The diaphragm is our friend! We can talk to it!

It is linked to the calming part of our nervous system, called the parasympathetic nervous system and operates most of our unconscious activities like digestion, yet we can control it with the breath. A lot of the parasympathetic systems operate unconsciously and cannot be controlled by us. That is what makes the diaphragm a unique and valuable tool! 

The diaphragm relaxes when we breathe out. This signals the mind and heart to lower heart rate partly because the blood volume to space ratio in the heart is lower, so the signals do not increase the flow of blood and the heart. This is why when we breathe out more than in, and extend our pause after an out-breath, we feel often feel more relaxed. There are also calming chemicals that can be stimulated by this practice-neurotransmitter and hormones acting- that calm the system and decrease cortisol.

The diaphragm contracts when we breathe in to generate space for the lungs to take in air. This causes the ratio of blood volume to space in the heart to lower which signals the brain to tell the body to increase heart rate.

So the opposite breath practice is true, for example, some specific techniques of breathing in more quickly and shortening the pause can speed up heart rate and increase energy. Sometimes this quick in and out breathing is used to increase vitality in some traditional yoga breathing practices (be sure you check with a trained professional to learn these techniques safely). However, the four part breathing technique is about how to lower stress, so we will focus on increasing the out-breath.

The diaphragm has an opening to the vagus nerve which sends signals to the brain and is connected to most of the organs. So, by slowing the breathing with longer pauses, the vagus nerve will be affected and also send calming signals to the brain to relax.

Oxytocin is a hormone that helps us feel filled up with good feelings and resources and helps with stress regulation and is stimulated by the vagus nerve. More of this  this hormone is increased and sent to the brain by the calm four part breathing.

Greater Productivity and Managing Stress

Why does it make us more productive to lower stress?

The brain uses the more developed thinking part of the brain, the neocortex, when we are calm. When we access the whole brain we experience more clear thinking.

When stressed, less of the brain is available to us. Just the primal area of the brain is available. So, we become reactive and less responsive. This is the fight or flight mode of stress and the blood goes to this part of the brain so that we can “get away from the tiger” as our bodies once needed to do! But there are usually no tigers these days; so, the increased energy and blood to the primal part of the brain builds up. It can leave us with reactivity and overwhelm. In addition, we can lose access to the kind of thinking we need under stress.

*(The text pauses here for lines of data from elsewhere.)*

Lemma sei_weight_convex d :
  sei_weight d.+1 - sei_weight d <= sei_weight d.+2 - sei_weight d.+1.
Proof.
rewrite -subr_ge0 /sei_weight !exprS.
have -> : d.+2%:R * (a * (a * a ^+ d)) - d.+1%:R * (a * a ^+ d) -
    (d.+1%:R * (a * a ^+ d) - d%:R * a ^+ d) =
    a ^+ d * (d%:R * (a - 1) ^+ 2 + 2 * a * (a - 1)) by rewrite !mulrSr; ring.
have a_ge0 : 0 <= a := le_trans ler01 (ltW a_gt1).
apply: mulr_ge0; first exact: exprn_ge0.
by rewrite addr_ge0 ?mulr_ge0 ?sqr_ge0 // subr_ge0 ltW.
Qed.

Definition sei_excess (z : nat) : R := sei_weight z.+2 - sei_weight 2.

Lemma sei_excess0 : sei_excess 0 = 0.
Proof. exact: subrr. Qed.

Lemma sei_excess_convex z :
  sei_excess z.+1 - sei_excess z <= sei_excess z.+2 - sei_excess z.+1.
Proof. by rewrite /sei_excess; have := sei_weight_convex z.+2; lra. Qed.

Definition star_value (k n : nat) : R :=
  sei_weight n.-1 + sei_weight k.+1 + k%:R * sei_weight 2 + (n - k.+2)%:R * sei_weight 1.

Lemma star_value_step k n : (k.+2 < n)%N ->
  star_value k n.-1 + sei_weight 1 + (sei_weight n.-1 - sei_weight n.-2) =
  star_value k n.
Proof.
move=> lt_kn; have [s ->] : exists s, n = (s + k.+3)%N.
  by exists (n - k.+3)%N; rewrite subnK.
rewrite /star_value !addnS /= !subSS addnK subSn ?leq_addl // addnK mulrSr; lra.
Qed.

Lemma star_value_excess j m : (j <= m)%N ->
  star_value j.+1 m.+3 = m.+3%:R * sei_weight 2 + sei_excess m + sei_excess j
                         - (m - j)%:R * (sei_weight 2 - sei_weight 1).
Proof.
move=> le_jm; rewrite /star_value /sei_excess subSS.
have -> : m.+3%:R = (m - j)%:R + j.+1%:R + 2%:R :> R.
  by rewrite -!natrD; congr _%:R; lia.
ring.
Qed.

Lemma leafless_le_star_value k n q r :
  (1 <= k)%N -> (k.+2 <= n)%N -> (r <= n - 3)%N -> (q * (n - 3) + r = 2 * k - 2)%N ->
  n%:R * sei_weight 2 + q%:R * sei_excess (n - 3) + sei_excess r <= star_value k n.
Proof.
case: k => // j _; case: n => [|[|[|m]]] //; rewrite !ltnS => le_jm.
rewrite mulnS add2n !subSS !subn0 => le_rm Eqr.
rewrite star_value_excess //.
have D_le : sei_weight 2 - sei_weight 1 <= sei_excess 1.
  by rewrite /sei_excess; have := sei_weight_convex 1; lra.
have := convex_capped_le sei_excess_convex sei_excess0 D_le le_jm le_rm Eqr.
lra.
Qed.

End SEIWeight.

Section InducedSubgraph.

Variables (T : finType) (e : rel T).

Definition deg_in (S : {set T}) (v : T) : nat := #|[set y in S | e v y]|.

Definition cut_connected (S : {set T}) : Prop :=
  forall A : {set T}, A \subset S -> A != set0 -> A != S ->
    exists x y, [/\ x \in A, y \in S :\: A & e x y].

(* The subgraph induced on [S] is connected and, by the handshake lemma, has
   [#|S| - 1 + k] edges. *)
Definition induced_class (k : nat) (S : {set T}) : Prop :=
  cut_connected S /\ (\sum_(v in S) deg_in S v = 2 * (#|S| - 1 + k))%N.

Lemma deg_in_setD1 (S : {set T}) w v :
  deg_in S v = (deg_in (S :\ w) v + ((w \in S) && e v w))%N.
Proof.
rewrite /deg_in; case: (boolP (_ && _)) => [/andP [wS evw] | Nevw].
  have -> : [set y in S | e v y] = w |: [set y in S :\ w | e v y].
    by apply/setP => y; rewrite !inE; case: eqVneq => // ->; rewrite wS evw.
  by rewrite cardsU1 !inE eqxx addnC.
rewrite addn0; apply: eq_card => y; rewrite !inE.
by case: eqVneq => // ->; rewrite (negbTE Nevw).
Qed.

Lemma connected_cut_connected :
  symmetric e -> (forall x y, connect e x y) -> cut_connected [set: T].
Proof.
move=> e_sym conn A _ /set0Pn [x xA] AT.
have /subsetPn [y _ yA] : ~~ ([set: T] \subset A) by rewrite subTset.
case: (boolP [exists x in A, exists y in ~: A, e x y]).
  move=> /exists_inP [x' x'A /exists_inP [y' y'A ex'y']].
  by exists x', y'; move: y'A; rewrite !inE => ->.
move=> no_cut; have clA : closed e A.
  move=> u v euv; apply/idP/idP => [uA|vA]; apply/negPn/negP => nA;
    move/negP: no_cut; apply; apply/exists_inP.
  - by exists u => //; apply/exists_inP; exists v; rewrite ?inE.
  - by exists v => //; apply/exists_inP; exists u; rewrite ?inE // e_sym.
by move: yA; rewrite -(closed_connect clA (conn x y)) xA.
Qed.

Hypotheses (e_irr : irreflexive e) (e_sym : symmetric e).

Lemma deg_in_le (S : {set T}) v : v \in S -> (deg_in S v <= #|S| - 1)%N.
Proof.
move=> vS; rewrite (cardsD1 v S) vS add1n subn1 /=.
apply/subset_leq_card/subsetP => y; rewrite !inE => /andP [-> evy].
by rewrite andbT; apply: contraTneq evy => ->; rewrite e_irr.
Qed.

Lemma sum_deg_in_le (S : {set T}) : (\sum_(v in S) deg_in S v <= #|S| * (#|S| - 1))%N.
Proof. by rewrite -sum_nat_const; apply: leq_sum => v; apply: deg_in_le. Qed.

Lemma cut_connected_deg_gt0 (S : {set T}) v :
  cut_connected S -> (1 < #|S|)%N -> v \in S -> (0 < deg_in S v)%N.
Proof.
move=> conS S_gt1 vS.
have [x [y [/set1P -> yS evy]]] :
    exists x y, [/\ x \in [set v], y \in S :\: [set v] & e x y].
  apply: conS; first by rewrite sub1set.
    by apply/set0Pn; exists v; rewrite inE.
  by apply: contraTneq S_gt1 => <-; rewrite cards1.
by apply/card_gt0P; exists y; rewrite !inE evy andbT; case/setDP: yS.
Qed.

Section Leaf.

Variables (S : {set T}) (w u : T).
Hypotheses (wS : w \in S) (Nw : [set y in S | e w y] = [set u]).

Lemma leaf_adj v : v \in S -> e v w = (v == u).
Proof. by move=> vS; rewrite e_sym -in_set1 -Nw inE vS. Qed.

Lemma leaf_nbr_in : u \in S :\ w.
Proof.
have : u \in [set y in S | e w y] by rewrite Nw set11.
rewrite !inE => /andP [-> ewu]; rewrite andbT.
by apply: contraTneq ewu => ->; rewrite e_irr.
Qed.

Managing Stress and Creating Healthy Habits in the Body

There is such a thing as positive or “good” stress. We can build resilience to stress through activities like exercise, breathing and even intentionally discomforting practices like cold water plunging -check with doctor always when practicing. These activities can stimulate our immune system and nervous system to be more active and resilient.

Exposing the body to manageable stress intentionally -like exercise- can help prepare us for life’s inevitable stresses. The body learns through repeated practice so by consistently applying these tools, you can develop automatic responses when needed.

 Positive thoughts can play a crucial role in lowering stress. It is great to have a lot of tools available and see what works best for you.